→ Task to carry out: Below are the records. Gather each line that holds "ltnNge".

→ Dataset records:
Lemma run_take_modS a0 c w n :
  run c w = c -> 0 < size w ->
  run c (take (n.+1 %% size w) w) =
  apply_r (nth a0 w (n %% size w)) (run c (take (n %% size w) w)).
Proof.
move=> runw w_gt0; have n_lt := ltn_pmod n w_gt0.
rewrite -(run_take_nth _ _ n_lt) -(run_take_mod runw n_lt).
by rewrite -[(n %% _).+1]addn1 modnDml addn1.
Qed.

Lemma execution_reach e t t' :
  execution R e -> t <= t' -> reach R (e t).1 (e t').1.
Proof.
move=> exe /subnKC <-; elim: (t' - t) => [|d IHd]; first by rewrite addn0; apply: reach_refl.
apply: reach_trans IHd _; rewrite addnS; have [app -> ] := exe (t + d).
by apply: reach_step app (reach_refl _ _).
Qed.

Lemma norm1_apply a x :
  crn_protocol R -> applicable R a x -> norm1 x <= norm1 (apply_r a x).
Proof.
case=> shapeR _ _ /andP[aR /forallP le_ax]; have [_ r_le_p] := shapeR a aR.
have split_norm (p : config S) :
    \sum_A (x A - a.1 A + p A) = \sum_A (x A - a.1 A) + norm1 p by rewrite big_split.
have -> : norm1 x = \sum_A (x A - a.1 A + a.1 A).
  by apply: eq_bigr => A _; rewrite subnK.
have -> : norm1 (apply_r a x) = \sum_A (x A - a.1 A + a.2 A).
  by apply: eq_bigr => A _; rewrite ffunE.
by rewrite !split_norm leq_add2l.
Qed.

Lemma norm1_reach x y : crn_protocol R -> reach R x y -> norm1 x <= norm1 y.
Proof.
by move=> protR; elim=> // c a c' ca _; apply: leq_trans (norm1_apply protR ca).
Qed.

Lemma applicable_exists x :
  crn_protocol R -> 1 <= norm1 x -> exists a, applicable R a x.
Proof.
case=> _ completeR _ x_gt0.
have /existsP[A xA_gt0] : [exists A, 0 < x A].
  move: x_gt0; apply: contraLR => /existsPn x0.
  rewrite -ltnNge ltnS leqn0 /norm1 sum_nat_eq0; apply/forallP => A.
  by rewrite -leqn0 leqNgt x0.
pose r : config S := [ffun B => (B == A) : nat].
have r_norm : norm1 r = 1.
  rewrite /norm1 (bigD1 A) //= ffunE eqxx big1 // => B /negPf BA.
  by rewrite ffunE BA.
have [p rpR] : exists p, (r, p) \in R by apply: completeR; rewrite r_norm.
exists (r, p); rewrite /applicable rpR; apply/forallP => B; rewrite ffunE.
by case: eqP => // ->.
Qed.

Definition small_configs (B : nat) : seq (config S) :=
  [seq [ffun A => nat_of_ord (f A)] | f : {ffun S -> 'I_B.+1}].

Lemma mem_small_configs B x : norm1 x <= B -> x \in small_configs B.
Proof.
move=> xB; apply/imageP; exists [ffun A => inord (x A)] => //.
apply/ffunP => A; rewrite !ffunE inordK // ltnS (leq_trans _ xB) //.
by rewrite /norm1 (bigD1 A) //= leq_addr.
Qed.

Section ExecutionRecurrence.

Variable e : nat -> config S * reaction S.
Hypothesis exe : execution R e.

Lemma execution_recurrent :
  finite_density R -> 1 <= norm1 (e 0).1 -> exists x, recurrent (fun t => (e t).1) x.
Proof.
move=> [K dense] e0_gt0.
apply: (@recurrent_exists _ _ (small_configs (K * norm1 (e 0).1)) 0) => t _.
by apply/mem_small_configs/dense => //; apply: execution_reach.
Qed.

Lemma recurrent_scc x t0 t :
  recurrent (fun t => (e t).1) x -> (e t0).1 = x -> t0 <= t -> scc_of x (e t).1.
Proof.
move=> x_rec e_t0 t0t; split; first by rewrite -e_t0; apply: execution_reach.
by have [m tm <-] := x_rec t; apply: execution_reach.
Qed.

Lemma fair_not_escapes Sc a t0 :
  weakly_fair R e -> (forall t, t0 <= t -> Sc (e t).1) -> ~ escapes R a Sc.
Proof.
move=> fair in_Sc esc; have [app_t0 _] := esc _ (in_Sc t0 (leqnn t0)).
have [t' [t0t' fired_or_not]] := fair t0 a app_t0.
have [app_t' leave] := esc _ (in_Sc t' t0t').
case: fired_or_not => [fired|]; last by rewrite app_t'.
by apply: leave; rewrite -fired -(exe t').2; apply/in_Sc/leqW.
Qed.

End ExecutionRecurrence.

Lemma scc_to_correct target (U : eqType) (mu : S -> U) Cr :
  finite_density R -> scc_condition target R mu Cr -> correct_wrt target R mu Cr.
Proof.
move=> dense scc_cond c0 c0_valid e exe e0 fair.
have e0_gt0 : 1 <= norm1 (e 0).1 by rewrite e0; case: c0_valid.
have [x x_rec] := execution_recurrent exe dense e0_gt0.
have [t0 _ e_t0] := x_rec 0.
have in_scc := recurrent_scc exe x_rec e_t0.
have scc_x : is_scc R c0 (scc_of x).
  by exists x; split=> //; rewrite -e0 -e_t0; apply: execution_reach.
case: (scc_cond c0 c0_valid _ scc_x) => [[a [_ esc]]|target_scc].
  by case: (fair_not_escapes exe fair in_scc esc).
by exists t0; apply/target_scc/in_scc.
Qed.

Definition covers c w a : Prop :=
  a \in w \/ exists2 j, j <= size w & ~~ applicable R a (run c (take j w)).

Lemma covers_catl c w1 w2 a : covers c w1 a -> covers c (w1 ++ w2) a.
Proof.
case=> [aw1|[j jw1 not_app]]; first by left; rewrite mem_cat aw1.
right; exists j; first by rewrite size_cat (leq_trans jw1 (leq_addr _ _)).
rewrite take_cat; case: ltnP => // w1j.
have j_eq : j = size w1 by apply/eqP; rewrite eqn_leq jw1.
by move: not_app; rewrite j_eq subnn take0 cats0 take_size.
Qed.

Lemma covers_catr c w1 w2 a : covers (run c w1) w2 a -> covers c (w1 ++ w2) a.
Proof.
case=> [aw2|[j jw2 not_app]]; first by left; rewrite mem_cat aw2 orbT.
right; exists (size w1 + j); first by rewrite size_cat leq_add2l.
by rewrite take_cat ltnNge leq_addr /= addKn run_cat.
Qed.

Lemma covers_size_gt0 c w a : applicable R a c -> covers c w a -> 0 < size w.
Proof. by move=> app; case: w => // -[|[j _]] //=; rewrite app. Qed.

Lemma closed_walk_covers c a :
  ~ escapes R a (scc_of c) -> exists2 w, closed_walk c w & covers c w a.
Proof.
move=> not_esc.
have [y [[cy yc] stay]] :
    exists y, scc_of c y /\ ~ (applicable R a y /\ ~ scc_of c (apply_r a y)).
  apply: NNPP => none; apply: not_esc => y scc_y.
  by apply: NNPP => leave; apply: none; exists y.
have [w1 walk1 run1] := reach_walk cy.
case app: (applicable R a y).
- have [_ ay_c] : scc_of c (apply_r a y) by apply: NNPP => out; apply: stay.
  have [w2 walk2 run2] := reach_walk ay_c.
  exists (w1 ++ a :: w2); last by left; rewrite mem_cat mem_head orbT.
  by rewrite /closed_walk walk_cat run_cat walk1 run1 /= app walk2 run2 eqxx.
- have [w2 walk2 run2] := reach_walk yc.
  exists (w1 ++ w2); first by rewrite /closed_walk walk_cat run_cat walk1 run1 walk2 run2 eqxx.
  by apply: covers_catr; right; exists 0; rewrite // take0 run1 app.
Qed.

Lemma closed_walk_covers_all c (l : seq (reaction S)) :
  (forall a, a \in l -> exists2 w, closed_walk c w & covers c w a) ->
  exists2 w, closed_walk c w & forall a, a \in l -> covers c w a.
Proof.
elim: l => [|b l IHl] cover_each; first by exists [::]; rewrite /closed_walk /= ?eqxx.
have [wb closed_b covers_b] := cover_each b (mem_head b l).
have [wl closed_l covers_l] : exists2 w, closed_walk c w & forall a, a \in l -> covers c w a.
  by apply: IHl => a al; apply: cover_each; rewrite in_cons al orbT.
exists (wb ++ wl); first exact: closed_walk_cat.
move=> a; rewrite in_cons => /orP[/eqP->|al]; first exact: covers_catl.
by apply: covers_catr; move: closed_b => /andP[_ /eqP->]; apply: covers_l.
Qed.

→ Written answer:
  rewrite -ltnNge ltnS leqn0 /norm1 sum_nat_eq0; apply/forallP => A.
by rewrite take_cat ltnNge leq_addr /= addKn run_cat.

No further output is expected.